To study this phenomenon in more detail, we compared each cancer entity with the two strains with the highest variance (A-673_7 and A-673_3 vs. HeLa_5 and HeLa_3 vs MCF-7_5 and MCF-7_3). Strikingly, we observed over 60 times more differentially expressed genes (DEG) defined as |fold change (FC) | > 1, Benjamini-Hochberg (BH) adjusted P < 0.01 (380 transcripts; 39 up-, 341 down-regulated) in the HeLa strains and 20 times more DEG (108 transcripts; 57 up-, 51 down-regulated) in the MCF-7 strains as compared to the A-673 EwS strains (5 transcripts; all up-regulated) (Fig. 1f and Supplementary Fig. 1d). We additionally combined our transcriptomic data with that of Liu et al. and observed a specific clustering of our HeLa strains with their HeLa-CCL2 strains, indicating a likely common origin (Fig. 1g).
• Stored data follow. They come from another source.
(* There is an absolute constant $c>0$ such that the following holds. Let $A=\{a_1<\dots<a_k\}$ and $A'=\{a'_1<\dots<a'_k\}$ be sets of real numbers, each with $k$ elements, having distinct pairs of consecutive differences, and let $B,B'$ be arbitrary finite nonempty sets of real numbers. Then \[ |A+B|\cdot|A'+B'|\ge c\left(k^3|B||B'|\right)^{1/2}. \] In particular, if $k=|A|=|A'|=|B|=|B'|$, then $|A+B|\cdot|A'+B'|\ge c\,k^{5/2}$.
   Context: For finite $X,Y\subset\mathbb{R}$, $X+Y=\{x+y:x\in X,y\in Y\}$. For $1\le i\le k-1$ let $d_i=a_{i+1}-a_i$ and $d'_i=a'_{i+1}-a'_i$. The sets $A$ and $A'$ have distinct pairs of consecutive differences if the ordered pairs $(d_i,d'_i)$, $1\le i\le k-1$, are pairwise distinct. *)

From Stdlib Require Import Reals List.
Import ListNotations.
Open Scope R_scope.

(* Finite sets of reals are represented by duplicate-free lists. *)

Definition sumset (X Y : list R) : list R :=
  nodup Req_EM_T (flat_map (fun x => map (fun y => x + y) Y) X).

Definition card_sumset (X Y : list R) : nat := length (sumset X Y).

(* The k-element set {a_1 < ... < a_k}, with a_{i+1} represented by a i. *)
Definition set_of (a : nat -> R) (k : nat) : list R := map a (seq 0 k).

Definition incr_on (a : nat -> R) (k : nat) : Prop :=
  forall i : nat, (i + 1 < k)%nat -> a i < a (i + 1)%nat.

Definition cdiff (a : nat -> R) (i : nat) : R := a (i + 1)%nat - a i.

Definition distinct_diff_pairs (a a' : nat -> R) (k : nat) : Prop :=
  forall i j : nat, (i < j)%nat -> (j + 1 < k)%nat ->
    (cdiff a i, cdiff a' i) <> (cdiff a j, cdiff a' j).

(* Write S = A + B and S' = A' + B', set q = k - 1, and rank the elements of S
   and S' in increasing order.  For b in B, b' in B' and i < q, the "gap"
   rank(a_(i+1) + b) - rank(a_i + b) is positive and the gaps along i telescope
   to at most |S|.  By Markov's inequality, with thresholds m ~ 4|S|/q and
   m' ~ 4|S'|/q, at least half of the q|B||B'| triples (b, b', i) have both gaps
   small.  Such a triple is determined by the rank of a_i + b, its gap, the rank
   of a'_i + b' and its gap: these recover a_i + b, a_(i+1) + b and their primed
   analogues, hence the pair (d_i, d'_i), hence i (the pairs are distinct), hence
   b and b'.  So q|B||B'|/2 <= |S| m |S'| m' <= 16 |S|^2 |S'|^2 / q^2, which
   gives k^3 |B||B'| <= 256 (|S||S'|)^2 and the theorem with c = 1/16. *)

From Stdlib Require Import Reals List Lia Lra.
Open Scope R_scope.

Lemma list_sum_telescope (f : nat -> nat) (q : nat) :
  (forall i, (i < q)%nat -> (f i <= f (i + 1))%nat) ->
  (list_sum (map (fun i => f (i + 1) - f i) (seq 0 q)) + f 0 = f q)%nat.
Proof.
  induction q as [|q IH]; intros Hf; [reflexivity|].
  rewrite seq_S, map_app, list_sum_app, Nat.add_0_l; cbn [map list_sum fold_right].
  assert (Hq := Hf q (Nat.lt_succ_diag_r q)).
  assert (IHq := IH (fun i Hi => Hf i (Nat.lt_lt_succ_r i q Hi))).
  replace (q + 1)%nat with (S q) in * by lia. lia.
Qed.

Lemma list_sum_prod_le {X Y : Type} (l : list X) (l' : list Y)
    (h : X * Y -> nat) (C : nat) :
  (forall x, In x l -> (list_sum (map (fun y => h (x, y)) l') <= C)%nat) ->
  (list_sum (map h (list_prod l l')) <= length l * C)%nat.
Proof.
  induction l as [|x l IH]; intros Hl; cbn; [lia|].
  rewrite map_app, list_sum_app, map_map.
  assert (Hx := Hl x (or_introl eq_refl)).
  assert (IHl := IH (fun y Hy => Hl y (or_intror Hy))). lia.
Qed.

Lemma length_filter_gt_le {X : Type} (g : X -> nat) (m : nat) (L : list X) :
  (S m * length (filter (fun t => m <? g t) L) <= list_sum (map g L))%nat.
Proof.
  induction L as [|t L IH]; cbn [filter map]; [cbn; lia|].
  change (list_sum (g t :: map g L)) with (g t + list_sum (map g L))%nat.
  destruct (Nat.ltb_spec m (g t)); cbn [length]; lia.
Qed.

Lemma length_filter_le_both {X : Type} (g g' : X -> nat) (m m' : nat) (L : list X) :
  (length L <= length (filter (fun t => ((g t <=? m) && (g' t <=? m'))%bool) L)
               + length (filter (fun t => m <? g t) L)
               + length (filter (fun t => m' <? g' t) L))%nat.
Proof.
  induction L as [|t L IH]; cbn [filter length]; [lia|].
  destruct (Nat.leb_spec (g t) m), (Nat.leb_spec (g' t) m'),
    (Nat.ltb_spec m (g t)), (Nat.ltb_spec m' (g' t)); cbn [andb length]; lia.
Qed.

Lemma NoDup_list_prod {X Y : Type} (l : list X) (l' : list Y) :
  NoDup l -> NoDup l' -> NoDup (list_prod l l').
Proof.
  intros Hl Hl'. induction Hl as [|x l Hx Hl IH]; cbn; [constructor|].
  apply NoDup_app; auto.
  - apply NoDup_map_NoDup_ForallPairs; auto. intros u v _ _ E. congruence.
  - intros [u v] Hin Hin'. apply in_map_iff in Hin as [w [E _]].
    inversion E; subst. apply in_prod_iff in Hin' as [? _]. contradiction.
Qed.

Definition rank (S : list R) (x : R) : nat :=
  length (filter (fun z => if Rlt_dec z x then true else false) S).

Lemma rank_le_length S x : (rank S x <= length S)%nat.
Proof. apply filter_length_le. Qed.

Lemma rank_le_rank S x y : x <= y -> (rank S x <= rank S y)%nat.
Proof.
  intros Hxy. unfold rank. induction S as [|z S IH]; cbn; [lia|].
  destruct (Rlt_dec z x), (Rlt_dec z y); cbn; lra || lia.
Qed.

Lemma rank_lt_rank S x y : In x S -> x < y -> (rank S x < rank S y)%nat.
Proof.
  intros Hx Hxy. unfold rank. induction S as [|z S IH]; [destruct Hx|]; cbn.
  destruct Hx as [->|Hx].
  - assert (Hle := rank_le_rank S x y (Rlt_le _ _ Hxy)). unfold rank in Hle.
    destruct (Rlt_dec x x), (Rlt_dec x y); cbn; lra || lia.
  - specialize (IH Hx). destruct (Rlt_dec z x), (Rlt_dec z y); cbn; lra || lia.
Qed.

Lemma rank_lt_length S x : In x S -> (rank S x < length S)%nat.
Proof.
  intros Hx. unfold rank. induction S as [|z S IH]; [destruct Hx|]; cbn.
  destruct Hx as [->|Hx].
  - assert (Hle := rank_le_length S x). unfold rank in Hle.
    destruct (Rlt_dec x x); cbn; lra || lia.
  - specialize (IH Hx). destruct (Rlt_dec z x); cbn; lia.
Qed.

Lemma rank_inj S x y : In x S -> In y S -> rank S x = rank S y -> x = y.
Proof.
  intros Hx Hy E. destruct (total_order_T x y) as [[Hlt|Heq]|Hgt]; auto.
  - pose proof (rank_lt_rank S x y Hx Hlt). lia.
  - pose proof (rank_lt_rank S y x Hy Hgt). lia.
Qed.

Lemma In_sumset (a : nat -> R) (k : nat) (B : list R) (i : nat) (b : R) :
  (i < k)%nat -> In b B -> In (a i + b) (sumset (set_of a k) B).
Proof.
  intros Hi Hb. apply nodup_In, in_flat_map. exists (a i). split.
  - apply in_map, in_seq. lia.
  - exact (in_map (fun y => a i + y) B b Hb).
Qed.

Lemma length_le_card_sumset (a : nat -> R) (k : nat) (B : list R) :
  (0 < k)%nat -> NoDup B -> (length B <= card_sumset (set_of a k) B)%nat.
Proof.
  intros Hk HB. rewrite <- (length_map (fun b => a 0%nat + b) B).
  apply NoDup_incl_length.
  - apply NoDup_map_NoDup_ForallPairs; auto. intros x y _ _ E. lra.
  - intros z Hz. apply in_map_iff in Hz as [b [<- Hb]]. now apply In_sumset.
Qed.

Section Gaps.

Variables (a : nat -> R) (k : nat) (B : list R).
Hypothesis Ha : incr_on a k.

Let S := sumset (set_of a k) B.

Definition gap (i : nat) (b : R) : nat := rank S (a (i + 1)%nat + b) - rank S (a i + b).

Lemma rank_sumset_lt (i : nat) (b : R) :
  (i + 1 < k)%nat -> In b B -> (rank S (a i + b) < rank S (a (i + 1)%nat + b))%nat.
Proof.
  intros Hi Hb. apply rank_lt_rank.
  - apply In_sumset; [lia | exact Hb].
  - specialize (Ha i Hi). lra.
Qed.

Lemma gap_pos (i : nat) (b : R) : (i + 1 < k)%nat -> In b B -> (0 < gap i b)%nat.
Proof. intros Hi Hb. pose proof (rank_sumset_lt i b Hi Hb). unfold gap. lia. Qed.

Lemma sum_gaps_le (b : R) :
  In b B -> (list_sum (map (fun i => gap i b) (seq 0 (k - 1))) <= length S)%nat.
Proof.
  intros Hb. unfold gap.
  assert (Hmono : forall i, (i < k - 1)%nat ->
    (rank S (a i + b) <= rank S (a (i + 1)%nat + b))%nat)
    by (intros i Hi; apply Nat.lt_le_incl, rank_sumset_lt; [lia | exact Hb]).
  pose proof (list_sum_telescope (fun i => rank S (a i + b)) (k - 1) Hmono) as Htel.
  pose proof (rank_le_length S (a (k - 1)%nat + b)).
  cbv beta in Htel. lia.
Qed.

(* A rank and a gap locate a_i + b and a_(i+1) + b inside S, hence d_i. *)
Lemma rank_gap_inj (i j : nat) (b c : R) :
  (i + 1 < k)%nat -> (j + 1 < k)%nat -> In b B -> In c B ->
  rank S (a i + b) = rank S (a j + c) -> gap i b = gap j c ->
  a i + b = a j + c /\ cdiff a i = cdiff a j.
Proof.
  intros Hi Hj Hb Hc Er Eg. unfold gap in Eg.
  pose proof (rank_sumset_lt i b Hi Hb). pose proof (rank_sumset_lt j c Hj Hc).
  assert (E0 : a i + b = a j + c)
    by (apply (rank_inj S); auto; apply In_sumset; auto; lia).
  assert (E1 : a (i + 1)%nat + b = a (j + 1)%nat + c)
    by (apply (rank_inj S); [apply In_sumset; auto .. | lia]).
  unfold cdiff. split; lra.
Qed.

End Gaps.

Section Counting.

Variables (k : nat) (a a' : nat -> R) (B B' : list R).
Hypotheses (Ha : incr_on a k) (Ha' : incr_on a' k)
  (Hd : distinct_diff_pairs a a' k) (HB : NoDup B) (HB' : NoDup B').

Let s := card_sumset (set_of a k) B.
Let s' := card_sumset (set_of a' k) B'.
Let L := list_prod (list_prod B B') (seq 0 (k - 1)).
Let g (t : R * R * nat) : nat := gap a k B (snd t) (fst (fst t)).
Let g' (t : R * R * nat) : nat := gap a' k B' (snd t) (snd (fst t)).

Lemma In_triples (b b' : R) (i : nat) :
  In (b, b', i) L -> (i + 1 < k)%nat /\ In b B /\ In b' B'.
Proof.
  unfold L. rewrite !in_prod_iff, in_seq. intros [[Hb Hb'] Hi]. repeat split; auto; lia.
Qed.

Lemma length_triples : length L = (length B * length B' * (k - 1))%nat.
Proof. unfold L. now rewrite !length_prod, length_seq. Qed.

Lemma sum_gap_triples_le : (list_sum (map g L) <= length B * length B' * s)%nat.
Proof.
  unfold L. rewrite <- length_prod. apply list_sum_prod_le.
  intros [b b'] Hin. apply in_prod_iff in Hin as [Hb _].
  exact (sum_gaps_le a k B Ha b Hb).
Qed.

Lemma sum_gap'_triples_le : (list_sum (map g' L) <= length B * length B' * s')%nat.
Proof.
  unfold L. rewrite <- length_prod. apply list_sum_prod_le.
  intros [b b'] Hin. apply in_prod_iff in Hin as [_ Hb'].
  exact (sum_gaps_le a' k B' Ha' b' Hb').
Qed.

Lemma count_small_gaps_le (m m' : nat) :
  (length (filter (fun t => ((g t <=? m) && (g' t <=? m'))%bool) L)
     <= s * (m * (s' * m')))%nat.
Proof.
  set (S := sumset (set_of a k) B). set (S' := sumset (set_of a' k) B').
  set (code := fun t : R * R * nat =>
    (rank S (a (snd t) + fst (fst t)), (g t,
      (rank S' (a' (snd t) + snd (fst t)), g' t)))).
  set (codes := list_prod (seq 0 s) (list_prod (seq 1 m) (list_prod (seq 0 s') (seq 1 m')))).
  replace (s * (m * (s' * m')))%nat with (length codes)
    by (unfold codes; now rewrite !length_prod, !length_seq).
  rewrite <- (length_map code). apply NoDup_incl_length.
  - apply NoDup_map_NoDup_ForallPairs.
    2: { apply NoDup_filter, NoDup_list_prod, seq_NoDup. now apply NoDup_list_prod. }
    intros [[b1 b1'] i] [[b2 b2'] j] H1 H2 E.
    apply filter_In in H1 as [H1 _], H2 as [H2 _].
    apply In_triples in H1 as [Hi [Hb1 Hb1']], H2 as [Hj [Hb2 Hb2']].
    unfold code, g, g' in E; cbn [fst snd] in E. injection E as Er Eg Er' Eg'.
    destruct (rank_gap_inj a k B Ha i j b1 b2 Hi Hj Hb1 Hb2 Er Eg) as [Eb Ed].
    destruct (rank_gap_inj a' k B' Ha' i j b1' b2' Hi Hj Hb1' Hb2' Er' Eg') as [Eb' Ed'].
    assert (i = j) as <-.
    { destruct (Nat.lt_total i j) as [Hlt|[Heq|Hgt]]; auto; exfalso.
      - apply (Hd i j Hlt Hj). now rewrite Ed, Ed'.
      - apply (Hd j i Hgt Hi). now rewrite Ed, Ed'. }
    f_equal; f_equal; lra.
  - intros z Hz. apply in_map_iff in Hz as [[[b b'] i] [<- Hin]].
    apply filter_In in Hin as [Hin Hsmall].
    apply andb_prop in Hsmall as [Hm Hm']. apply Nat.leb_le in Hm, Hm'.
    apply In_triples in Hin as [Hi [Hb Hb']].
    pose proof (gap_pos a k B Ha i b Hi Hb). pose proof (gap_pos a' k B' Ha' i b' Hi Hb').
    pose proof (rank_lt_length S _ (In_sumset a k B i b ltac:(lia) Hb)).
    pose proof (rank_lt_length S' _ (In_sumset a' k B' i b' ltac:(lia) Hb')).
    unfold code, codes, g, g' in *; cbn [fst snd] in *.
    repeat (apply in_prod_iff; split); apply in_seq; unfold s, s', card_sumset; fold S S'; lia.
Qed.

Lemma sumset_product_bound_ge2 :
  (2 <= k)%nat -> ((k - 1) ^ 3 * (length B * length B') <= 32 * (s * s') ^ 2)%nat.
Proof.
  intros Hk. set (q := (k - 1)%nat). set (P := (length B * length B')%nat).
  assert (Hq : q <> 0%nat) by lia.
  (* With m ~ 4 s / q, Markov leaves at most q |B||B'| / 4 triples with a gap above m. *)
  set (m := (4 * s / q)%nat). set (m' := (4 * s' / q)%nat).
  assert (Hm : (m * q <= 4 * s)%nat) by (rewrite Nat.mul_comm; apply Nat.Div0.mul_div_le).
  assert (Hm' : (m' * q <= 4 * s')%nat) by (rewrite Nat.mul_comm; apply Nat.Div0.mul_div_le).
  assert (Hm_gt : (4 * s < S m * q)%nat).
  { pose proof (Nat.div_mod (4 * s) q Hq). pose proof (Nat.mod_upper_bound (4 * s) q Hq). nia. }
  assert (Hm'_gt : (4 * s' < S m' * q)%nat).
  { pose proof (Nat.div_mod (4 * s') q Hq). pose proof (Nat.mod_upper_bound (4 * s') q Hq). nia. }
  assert (Hlarge : (4 * length (filter (fun t => m <? g t) L) <= P * q)%nat).
  { pose proof (length_filter_gt_le g m L). pose proof sum_gap_triples_le. nia. }
  assert (Hlarge' : (4 * length (filter (fun t => m' <? g' t) L) <= P * q)%nat).
  { pose proof (length_filter_gt_le g' m' L). pose proof sum_gap'_triples_le. nia. }
  assert (Hsmall : (P * q <= 2 * (s * (m * (s' * m'))))%nat).
  { pose proof (length_filter_le_both g g' m m' L) as Hsplit.
    rewrite length_triples in Hsplit. pose proof (count_small_gaps_le m m'). lia. }
  assert (Hcube : (q ^ 3 * P <= 2 * s * s' * (m * q) * (m' * q))%nat).
  { replace (q ^ 3 * P)%nat with (P * q * q * q)%nat by (cbn [Nat.pow]; ring).
    replace (2 * s * s' * (m * q) * (m' * q))%nat
      with (2 * (s * (m * (s' * m'))) * q * q)%nat by ring.
    nia. }
  assert (2 * s * s' * (m * q) * (m' * q) <= 2 * s * s' * (4 * s) * (4 * s'))%nat
    by (apply Nat.mul_le_mono; [apply Nat.mul_le_mono_l |]; assumption).
  replace (32 * (s * s') ^ 2)%nat with (2 * s * s' * (4 * s) * (4 * s'))%nat
    by (cbn [Nat.pow]; ring).
  lia.
Qed.

Lemma sumset_product_bound :
  (k ^ 3 * (length B * length B') <= (16 * (s * s')) ^ 2)%nat.
Proof.
  destruct (Nat.lt_ge_cases k 2) as [Hk|Hk].
  - destruct (Nat.eq_0_gt_0_cases k) as [E0|Hk0]; [rewrite E0; cbn; lia|].
    replace (k ^ 3)%nat with 1%nat by (replace k with 1%nat by lia; reflexivity).
    pose proof (Nat.mul_le_mono _ _ _ _ (length_le_card_sumset a k B Hk0 HB)
      (length_le_card_sumset a' k B' Hk0 HB')).
    cbn [Nat.pow]. nia.
  - pose proof (sumset_product_bound_ge2 Hk).
    assert (Hcube : (k ^ 3 <= 8 * (k - 1) ^ 3)%nat).
    { replace (8 * (k - 1) ^ 3)%nat with ((2 * (k - 1)) ^ 3)%nat by (cbn [Nat.pow]; ring).
      apply Nat.pow_le_mono_l. lia. }
    replace ((16 * (s * s')) ^ 2)%nat with (8 * (32 * (s * s') ^ 2))%nat
      by (cbn [Nat.pow]; ring).
    pose proof (Nat.mul_le_mono_r _ _ (length B * length B') Hcube). lia.
Qed.

End Counting.

Lemma sqrt_INR_le_of_le_sqr (n p : nat) : (n <= p ^ 2)%nat -> sqrt (INR n) <= INR p.
Proof.
  intros Hn. rewrite <- (sqrt_pow2 (INR p)) by apply pos_INR.
  apply sqrt_le_1_alt. rewrite <- pow_INR. now apply le_INR.
Qed.

Theorem theorem3 :
  exists c : R, 0 < c /\
    forall (k : nat) (a a' : nat -> R) (B B' : list R),
      incr_on a k -> incr_on a' k ->
      distinct_diff_pairs a a' k ->
      NoDup B -> NoDup B' -> B <> nil -> B' <> nil ->
      INR (card_sumset (set_of a k) B) * INR (card_sumset (set_of a' k) B')
        >= c * sqrt (INR k ^ 3 * INR (length B) * INR (length B')).
Proof.
  exists (1 / 16). split; [lra|].
  intros k a a' B B' Ha Ha' Hd HB HB' _ _.
  assert (Hbound := sqrt_INR_le_of_le_sqr _ _
    (sumset_product_bound k a a' B B' Ha Ha' Hd HB HB')).
  rewrite <- pow_INR, Rmult_assoc, <- !mult_INR, (mult_INR (card_sumset _ _)).
  replace (INR (16 * _)) with (16 * (INR (card_sumset (set_of a k) B)
    * INR (card_sumset (set_of a' k) B'))) in Hbound
    by (rewrite !mult_INR; simpl; ring).
  lra.
Qed.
Moreover, we observed a remarkably higher degree of heterogeneity among HeLa strains than among A-673 strains (Fig. 1g and Supplementary Fig. 1e). Of note, considering this heterogeneity between HeLa-CCL2 and Kyoto strains described by Liu et al. and here, it is conceivable that the inclusion of HeLa-Kyoto in our panel of cells (Fig. 1a) would have resulted in an even more substantial difference when compared to fusion-driven A-673.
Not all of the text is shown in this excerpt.